[Source data]
::::::::::
(* Let $\Phi,\Psi,S,T$ be finite sets and let $p(\varphi)$ on $\Phi$ and $p(\psi)$ on $\Psi$ be fixed probability distributions with full support. Let $\pi:S\times T\times\Phi\to\mathbb{R}$ be a payoff function that depends only on the signals and on the first player's state of nature. Suppose $p(s,t,\varphi,\psi)$ is a state-consistent entangled joint distribution on $S\times T\times\Phi\times\Psi$ that maximizes the expected payoff $\sum_{s,t,\varphi,\psi}\pi(s,t;\varphi)\,p(s,t,\varphi,\psi)$ among all state-consistent entangled joint distributions. Then there exists a state-consistent classically generated joint distribution $\widetilde p(s,t,\varphi,\psi)$ whose expected payoff $\sum_{s,t,\varphi,\psi}\pi(s,t;\varphi)\,\widetilde p(s,t,\varphi,\psi)$ equals this maximal value. That is, the maximal expected payoff achievable with state-consistent entangled signals coincides with the expected payoff of certain state-consistent classically generated signals.
   Context: Coordination game: player A privately observes a state of nature $\varphi\in\Phi$, player B privately observes $\psi\in\Psi$; $\varphi$ and $\psi$ are independent with joint distribution $p(\varphi,\psi)=p(\varphi)p(\psi)$. Players receive signals $s\in S$ (A) and $t\in T$ (B) and play their signals as actions; the payoff is $\pi(s,t;\varphi)$ and the expected payoff of a joint distribution $q(s,t,\varphi,\psi)$ is $\sum\pi(s,t;\varphi)q(s,t,\varphi,\psi)$. A joint distribution of $(s,t,\varphi,\psi)$ is: state-consistent if its $(\varphi,\psi)$-marginal equals $p(\varphi)p(\psi)$; disjoint if $\Pr\{\psi\mid\varphi,s\}=\Pr\{\psi\mid\varphi\}$ and $\Pr\{\varphi\mid\psi,t\}=\Pr\{\varphi\mid\psi\}$ (whenever the conditioning events have positive probability); classically generated if there exists a random variable $x$ (jointly distributed with $(s,t,\varphi,\psi)$) independent of $(\varphi,\psi)$ such that $p(s,t\mid x,\varphi,\psi)=p(s\mid x,\varphi)\,p(t\mid x,\psi)$; entangled if it is disjoint and not classically generated. *)

From HB Require Import structures.
From mathcomp Require Import all_boot all_order all_algebra.
From mathcomp Require Import reals.
Set Implicit Arguments. Unset Strict Implicit. Unset Printing Implicit Defensive.
Import Order.TTheory GRing.Theory Num.Theory.
Local Open Scope ring_scope.

Section Coord.
Variables (R : realType) (S T Phi Psi : finType).

Definition joint_dist (p : S -> T -> Phi -> Psi -> R) : Prop :=
  (forall s t f g, 0 <= p s t f g) /\
  \sum_(s : S) \sum_(t : T) \sum_(f : Phi) \sum_(g : Psi) p s t f g = 1.

Definition m_phipsi (p : S -> T -> Phi -> Psi -> R) f g :=
  \sum_(s : S) \sum_(t : T) p s t f g.
Definition m_phi (p : S -> T -> Phi -> Psi -> R) f :=
  \sum_(g : Psi) m_phipsi p f g.
Definition m_psi (p : S -> T -> Phi -> Psi -> R) g :=
  \sum_(f : Phi) m_phipsi p f g.
Definition m_phis (p : S -> T -> Phi -> Psi -> R) f s :=
  \sum_(t : T) \sum_(g : Psi) p s t f g.
Definition m_phispsi (p : S -> T -> Phi -> Psi -> R) f s g :=
  \sum_(t : T) p s t f g.
Definition m_psit (p : S -> T -> Phi -> Psi -> R) g t :=
  \sum_(s : S) \sum_(f : Phi) p s t f g.
Definition m_psitphi (p : S -> T -> Phi -> Psi -> R) g t f :=
  \sum_(s : S) p s t f g.

Definition state_consistent (pA : Phi -> R) (pB : Psi -> R)
    (p : S -> T -> Phi -> Psi -> R) : Prop :=
  forall f g, m_phipsi p f g = pA f * pB g.

(* Pr{psi | phi, s} = Pr{psi | phi} and Pr{phi | psi, t} = Pr{phi | psi},
   whenever the conditioning event has positive probability. *)
Definition disjoint (p : S -> T -> Phi -> Psi -> R) : Prop :=
  (forall f s g, 0 < m_phis p f s ->
     m_phispsi p f s g / m_phis p f s = m_phipsi p f g / m_phi p f) /\
  (forall g t f, 0 < m_psit p g t ->
     m_psitphi p g t f / m_psit p g t = m_phipsi p f g / m_psi p g).

(* Classically generated: there is a (finitely valued) random variable x,
   jointly distributed with (s,t,phi,psi) via q(x,s,t,phi,psi), whose
   marginal on (s,t,phi,psi) is p, x is independent of (phi,psi), and
   p(s,t | x,phi,psi) = p(s | x,phi) p(t | x,psi) (whenever x,phi,psi has
   positive probability). *)
Definition classically_generated (p : S -> T -> Phi -> Psi -> R) : Prop :=
  exists (X : finType) (q : X -> S -> T -> Phi -> Psi -> R),
    [/\ (forall x s t f g, 0 <= q x s t f g),
        (forall s t f g, \sum_(x : X) q x s t f g = p s t f g),
        (forall x f g,
           \sum_(s : S) \sum_(t : T) q x s t f g =
           (\sum_(s : S) \sum_(t : T) \sum_(f' : Phi) \sum_(g' : Psi) q x s t f' g')
           * m_phipsi p f g) &
        (forall x s t f g,
           let qxfg := \sum_(s' : S) \sum_(t' : T) q x s' t' f g in
           let qxf := \sum_(s' : S) \sum_(t' : T) \sum_(g' : Psi) q x s' t' f g' in
           let qxg := \sum_(s' : S) \sum_(t' : T) \sum_(f' : Phi) q x s' t' f' g in
           let qxsf := \sum_(t' : T) \sum_(g' : Psi) q x s t' f g' in
           let qxtg := \sum_(s' : S) \sum_(f' : Phi) q x s' t f' g in
           0 < qxfg ->
           q x s t f g / qxfg = (qxsf / qxf) * (qxtg / qxg))].

Definition entangled (p : S -> T -> Phi -> Psi -> R) : Prop :=
  disjoint p /\ ~ classically_generated p.

Definition expected_payoff (pi : S -> T -> Phi -> R)
    (p : S -> T -> Phi -> Psi -> R) : R :=
  \sum_(s : S) \sum_(t : T) \sum_(f : Phi) \sum_(g : Psi) pi s t f * p s t f g.

End Coord.

From Pilot Require Import Defs.
From HB Require Import structures.
From mathcomp Require Import all_boot all_order all_algebra.
From mathcomp Require Import reals.
Set Implicit Arguments. Unset Strict Implicit. Unset Printing Implicit Defensive.
Import Order.TTheory GRing.Theory Num.Theory.
Local Open Scope ring_scope.

(* Since the payoff ignores psi, it only depends on the (s,t,phi)-marginal of
   p; we may therefore discard the correlation of psi with everything else and
   redraw psi independently from p(psi).  The result is classically generated
   with B's own signal t as the hidden variable: disjointness of p says that t
   carries no information about phi, so t is independent of (phi,psi), and s is
   independent of the freshly drawn psi given (t,phi). *)

Lemma sum_delta (R : pzSemiRingType) (I : finType) (k : I) (F : I -> R) :
  \sum_(i : I) (i == k)%:R * F i = F k.
Proof.
rewrite (bigD1 k) //= eqxx mul1r big1 ?addr0 // => i /negbTE ->.
exact: mul0r.
Qed.

Lemma sum_delta2 (R : pzSemiRingType) (I J : finType) (k : I) (F : I -> J -> R) :
  \sum_(i : I) \sum_(j : J) (i == k)%:R * F i j = \sum_(j : J) F k j.
Proof. by under eq_bigr do rewrite -mulr_sumr; exact: sum_delta. Qed.

Lemma ler_sum_slice (R : numDomainType) (I J : finType) (F : I -> J -> R)
    (j : J) :
  (forall i j', 0 <= F i j') ->
  \sum_(i : I) F i j <= \sum_(i : I) \sum_(j' : J) F i j'.
Proof.
move=> F_ge0; apply: ler_sum => i _.
by rewrite (bigD1 j) //= lerDl; exact: sumr_ge0.
Qed.

Section Resampling.
Variables (R : realType) (S T Phi Psi : finType).
Implicit Types (p q : S -> T -> Phi -> Psi -> R) (pA : Phi -> R) (pB : Psi -> R).

Definition marg_psi p s t f := \sum_(g : Psi) p s t f g.

Definition resample_psi pB p s t f g := marg_psi p s t f * pB g.

Lemma sum_resample_psi pB p s t f :
  \sum_(g : Psi) pB g = 1 ->
  \sum_(g : Psi) resample_psi pB p s t f g = marg_psi p s t f.
Proof. by move=> pB1; rewrite /marg_psi /resample_psi -mulr_sumr pB1 mulr1. Qed.

Lemma expected_payoff_marg_psi (pi : S -> T -> Phi -> R) p :
  expected_payoff pi p =
  \sum_(s : S) \sum_(t : T) \sum_(f : Phi) pi s t f * marg_psi p s t f.
Proof.
apply: eq_bigr => s _; apply: eq_bigr => t _; apply: eq_bigr => f _.
by rewrite mulr_sumr.
Qed.

Lemma expected_payoff_resample (pi : S -> T -> Phi -> R) pB p :
  \sum_(g : Psi) pB g = 1 ->
  expected_payoff pi (resample_psi pB p) = expected_payoff pi p.
Proof.
move=> pB1; rewrite !expected_payoff_marg_psi.
apply: eq_bigr => s _; apply: eq_bigr => t _; apply: eq_bigr => f _.
by congr (_ * _); exact: sum_resample_psi.
Qed.

Lemma joint_dist_resample pB p :
  (forall g, 0 <= pB g) -> \sum_(g : Psi) pB g = 1 ->
  joint_dist p -> joint_dist (resample_psi pB p).
Proof.
move=> pB_ge0 pB1 [p_ge0 p1]; split.
  by move=> s t f g; apply: mulr_ge0 => //; exact: sumr_ge0.
rewrite -p1; apply: eq_bigr => s _; apply: eq_bigr => t _; apply: eq_bigr => f _.
exact: sum_resample_psi.
Qed.

Lemma m_phi_state_consistent pA pB p f :
  \sum_(g : Psi) pB g = 1 -> state_consistent pA pB p -> m_phi p f = pA f.
Proof.
move=> pB1 sc; rewrite /m_phi; under eq_bigr do rewrite sc.
by rewrite -mulr_sumr pB1 mulr1.
Qed.

Lemma m_psi_state_consistent pA pB p g :
  \sum_(f : Phi) pA f = 1 -> state_consistent pA pB p -> m_psi p g = pB g.
Proof.
move=> pA1 sc; rewrite /m_psi; under eq_bigr do rewrite sc.
by rewrite -mulr_suml pA1 mul1r.
Qed.

Lemma state_consistent_resample pA pB p :
  \sum_(g : Psi) pB g = 1 -> state_consistent pA pB p ->
  state_consistent pA pB (resample_psi pB p).
Proof.
move=> pB1 sc f g; rewrite /m_phipsi /resample_psi.
under eq_bigr do rewrite -mulr_suml.
rewrite -mulr_suml -(m_phi_state_consistent f pB1 sc) /m_phi /m_phipsi /marg_psi.
congr (_ * _); rewrite [RHS]exchange_big.
by apply: eq_bigr => s _; rewrite exchange_big.
Qed.

Lemma disjoint_m_psitphi pA pB p :
  (forall s t f g, 0 <= p s t f g) -> \sum_(f : Phi) pA f = 1 ->
  (forall g, pB g != 0) -> state_consistent pA pB p -> Defs.disjoint p ->
  forall g t f, m_psitphi p g t f = pA f * m_psit p g t.
Proof.
move=> p_ge0 pA1 pB_neq0 sc [_ disj_t] g t f.
have psit_sum : m_psit p g t = \sum_(f' : Phi) m_psitphi p g t f'.
  exact: exchange_big.
have psitphi_ge0 f' : 0 <= m_psitphi p g t f' by exact: sumr_ge0.
have [psit0 | psit_neq0] := eqVneq (m_psit p g t) 0.
  rewrite psit0 mulr0; move: psit0; rewrite psit_sum => psit0.
  exact: (psumr_eq0P _ psit0).
have psit_gt0 : 0 < m_psit p g t.
  by rewrite lt0r psit_neq0 psit_sum; exact: sumr_ge0.
have := disj_t g t f psit_gt0.
rewrite sc (m_psi_state_consistent g pA1 sc) mulfK // => cond_eq.
by rewrite -cond_eq divfK // pB_neq0.
Qed.

Lemma disjoint_phi_indep_t pA pB p :
  (forall s t f g, 0 <= p s t f g) -> \sum_(f : Phi) pA f = 1 ->
  (forall g, pB g != 0) -> state_consistent pA pB p -> Defs.disjoint p ->
  forall t f, \sum_(s : S) marg_psi p s t f =
  pA f * \sum_(s : S) \sum_(f' : Phi) marg_psi p s t f'.
Proof.
move=> p_ge0 pA1 pB_neq0 sc disj t f.
rewrite /marg_psi exchange_big /=.
under eq_bigr => g _ do
  rewrite -/(m_psitphi p g t f) (disjoint_m_psitphi p_ge0 pA1 pB_neq0 sc disj).
rewrite -mulr_sumr; congr (_ * _).
by rewrite /m_psit exchange_big; apply: eq_bigr => s _; rewrite exchange_big.
Qed.

Lemma classically_generated_via_t q :
  (forall s t f g, 0 <= q s t f g) ->
  (forall t f g, \sum_(s : S) q s t f g =
     (\sum_(s : S) \sum_(f' : Phi) \sum_(g' : Psi) q s t f' g')
     * m_phipsi q f g) ->
  (forall s t f g, q s t f g * (\sum_(s' : S) \sum_(g' : Psi) q s' t f g') =
     (\sum_(g' : Psi) q s t f g') * \sum_(s' : S) q s' t f g) ->
  classically_generated q.
Proof.
move=> q_ge0 t_indep s_cond_indep.
exists T, (fun x s t f g => (t == x)%:R * q s t f g); split.
- by move=> x s t f g; rewrite mulr_ge0 ?ler0n.
- move=> s t f g; under eq_bigr do rewrite eq_sym.
  exact: (sum_delta t (fun=> q s t f g)).
- move=> x f g; under eq_bigr do rewrite sum_delta.
  rewrite t_indep; congr (_ * _); apply: eq_bigr => s _.
  under [RHS]eq_bigr do under eq_bigr do rewrite -mulr_sumr.
  by rewrite sum_delta2.
move=> x s t f g qxfg qxf qxg qxsf qxtg.
have -> : qxfg = \sum_(s' : S) q s' x f g.
  by apply: eq_bigr => s' _; exact: sum_delta.
have -> : qxf = \sum_(s' : S) \sum_(g' : Psi) q s' x f g'.
  by apply: eq_bigr => s' _; exact: sum_delta2.
have -> : qxg = \sum_(s' : S) \sum_(f' : Phi) q s' x f' g.
  by apply: eq_bigr => s' _; exact: sum_delta2.
have -> : qxsf = \sum_(g' : Psi) q s x f g' by exact: sum_delta2.
have -> : qxtg = (t == x)%:R * \sum_(s' : S) \sum_(f' : Phi) q s' t f' g.
  by rewrite /qxtg mulr_sumr; apply: eq_bigr => s' _; rewrite mulr_sumr.
have [-> | _] := eqVneq t x; last by rewrite !mul0r mulr0.
rewrite !mul1r => qxfg_gt0.
have qxf_gt0 :=
  lt_le_trans qxfg_gt0 (ler_sum_slice g (fun s' g' => q_ge0 s' x f g')).
have qxg_gt0 :=
  lt_le_trans qxfg_gt0 (ler_sum_slice f (fun s' f' => q_ge0 s' x f' g)).
rewrite divff ?gt_eqF // mulr1.
apply/eqP; rewrite eqr_div ?(gt_eqF qxfg_gt0) ?(gt_eqF qxf_gt0) //.
exact/eqP/s_cond_indep.
Qed.

Lemma classically_generated_resample pA pB p :
  (forall g, 0 <= pB g) -> \sum_(g : Psi) pB g = 1 ->
  (forall s t f g, 0 <= p s t f g) -> state_consistent pA pB p ->
  (forall t f, \sum_(s : S) marg_psi p s t f =
     pA f * \sum_(s : S) \sum_(f' : Phi) marg_psi p s t f') ->
  classically_generated (resample_psi pB p).
Proof.
move=> pB_ge0 pB1 p_ge0 sc phi_indep.
apply: classically_generated_via_t.
- by move=> s t f g; apply: mulr_ge0 => //; exact: sumr_ge0.
- move=> t f g; rewrite (state_consistent_resample pB1 sc).
  rewrite /resample_psi -mulr_suml.
  under [in RHS]eq_bigr do under eq_bigr do rewrite sum_resample_psi //.
  by rewrite phi_indep [RHS]mulrCA mulrA.
- move=> s t f g; rewrite sum_resample_psi //.
  under eq_bigr do rewrite sum_resample_psi //.
  by rewrite /resample_psi -mulr_suml mulrA mulrAC.
Qed.

End Resampling.

Theorem theorem2 (R : realType) (S T Phi Psi : finType)
    (pA : Phi -> R) (pB : Psi -> R)
    (pA_pos : forall f, 0 < pA f) (pA_sum : \sum_(f : Phi) pA f = 1)
    (pB_pos : forall g, 0 < pB g) (pB_sum : \sum_(g : Psi) pB g = 1)
    (pi : S -> T -> Phi -> R)
    (p : S -> T -> Phi -> Psi -> R) :
  joint_dist p -> state_consistent pA pB p -> entangled p ->
  (forall q : S -> T -> Phi -> Psi -> R,
      joint_dist q -> state_consistent pA pB q -> entangled q ->
      expected_payoff pi q <= expected_payoff pi p) ->
  exists pt : S -> T -> Phi -> Psi -> R,
    [/\ joint_dist pt, state_consistent pA pB pt, classically_generated pt
      & expected_payoff pi pt = expected_payoff pi p].
Proof.
move=> p_dist sc [disj _] _.
have pB_ge0 g : 0 <= pB g by exact: ltW.
have pB_neq0 g : pB g != 0 by rewrite gt_eqF.
have p_ge0 := p_dist.1.
exists (resample_psi pB p); split.
- exact: joint_dist_resample.
- exact: state_consistent_resample.
- apply: classically_generated_resample => //.
  exact: disjoint_phi_indep_t p_ge0 pA_sum pB_neq0 sc disj.
- exact: expected_payoff_resample.
Qed.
::::::::::
§ TASK REQUIREMENTS
In the entries above, please find the line with "Definition m_phispsi (p" and the line with "let qxsf := \sum_(t'", then write out exactly those two lines and every line between them, and nothing more.

§ TASK OUTPUT
Definition m_phispsi (p : S -> T -> Phi -> Psi -> R) f s g :=
  \sum_(t : T) p s t f g.
Definition m_psit (p : S -> T -> Phi -> Psi -> R) g t :=
  \sum_(s : S) \sum_(f : Phi) p s t f g.
Definition m_psitphi (p : S -> T -> Phi -> Psi -> R) g t f :=
  \sum_(s : S) p s t f g.

Definition state_consistent (pA : Phi -> R) (pB : Psi -> R)
    (p : S -> T -> Phi -> Psi -> R) : Prop :=
  forall f g, m_phipsi p f g = pA f * pB g.

(* Pr{psi | phi, s} = Pr{psi | phi} and Pr{phi | psi, t} = Pr{phi | psi},
   whenever the conditioning event has positive probability. *)
Definition disjoint (p : S -> T -> Phi -> Psi -> R) : Prop :=
  (forall f s g, 0 < m_phis p f s ->
     m_phispsi p f s g / m_phis p f s = m_phipsi p f g / m_phi p f) /\
  (forall g t f, 0 < m_psit p g t ->
     m_psitphi p g t f / m_psit p g t = m_phipsi p f g / m_psi p g).

(* Classically generated: there is a (finitely valued) random variable x,
   jointly distributed with (s,t,phi,psi) via q(x,s,t,phi,psi), whose
   marginal on (s,t,phi,psi) is p, x is independent of (phi,psi), and
   p(s,t | x,phi,psi) = p(s | x,phi) p(t | x,psi) (whenever x,phi,psi has
   positive probability). *)
Definition classically_generated (p : S -> T -> Phi -> Psi -> R) : Prop :=
  exists (X : finType) (q : X -> S -> T -> Phi -> Psi -> R),
    [/\ (forall x s t f g, 0 <= q x s t f g),
        (forall s t f g, \sum_(x : X) q x s t f g = p s t f g),
        (forall x f g,
           \sum_(s : S) \sum_(t : T) q x s t f g =
           (\sum_(s : S) \sum_(t : T) \sum_(f' : Phi) \sum_(g' : Psi) q x s t f' g')
           * m_phipsi p f g) &
        (forall x s t f g,
           let qxfg := \sum_(s' : S) \sum_(t' : T) q x s' t' f g in
           let qxf := \sum_(s' : S) \sum_(t' : T) \sum_(g' : Psi) q x s' t' f g' in
           let qxg := \sum_(s' : S) \sum_(t' : T) \sum_(f' : Phi) q x s' t' f' g in
           let qxsf := \sum_(t' : T) \sum_(g' : Psi) q x s t' f g' in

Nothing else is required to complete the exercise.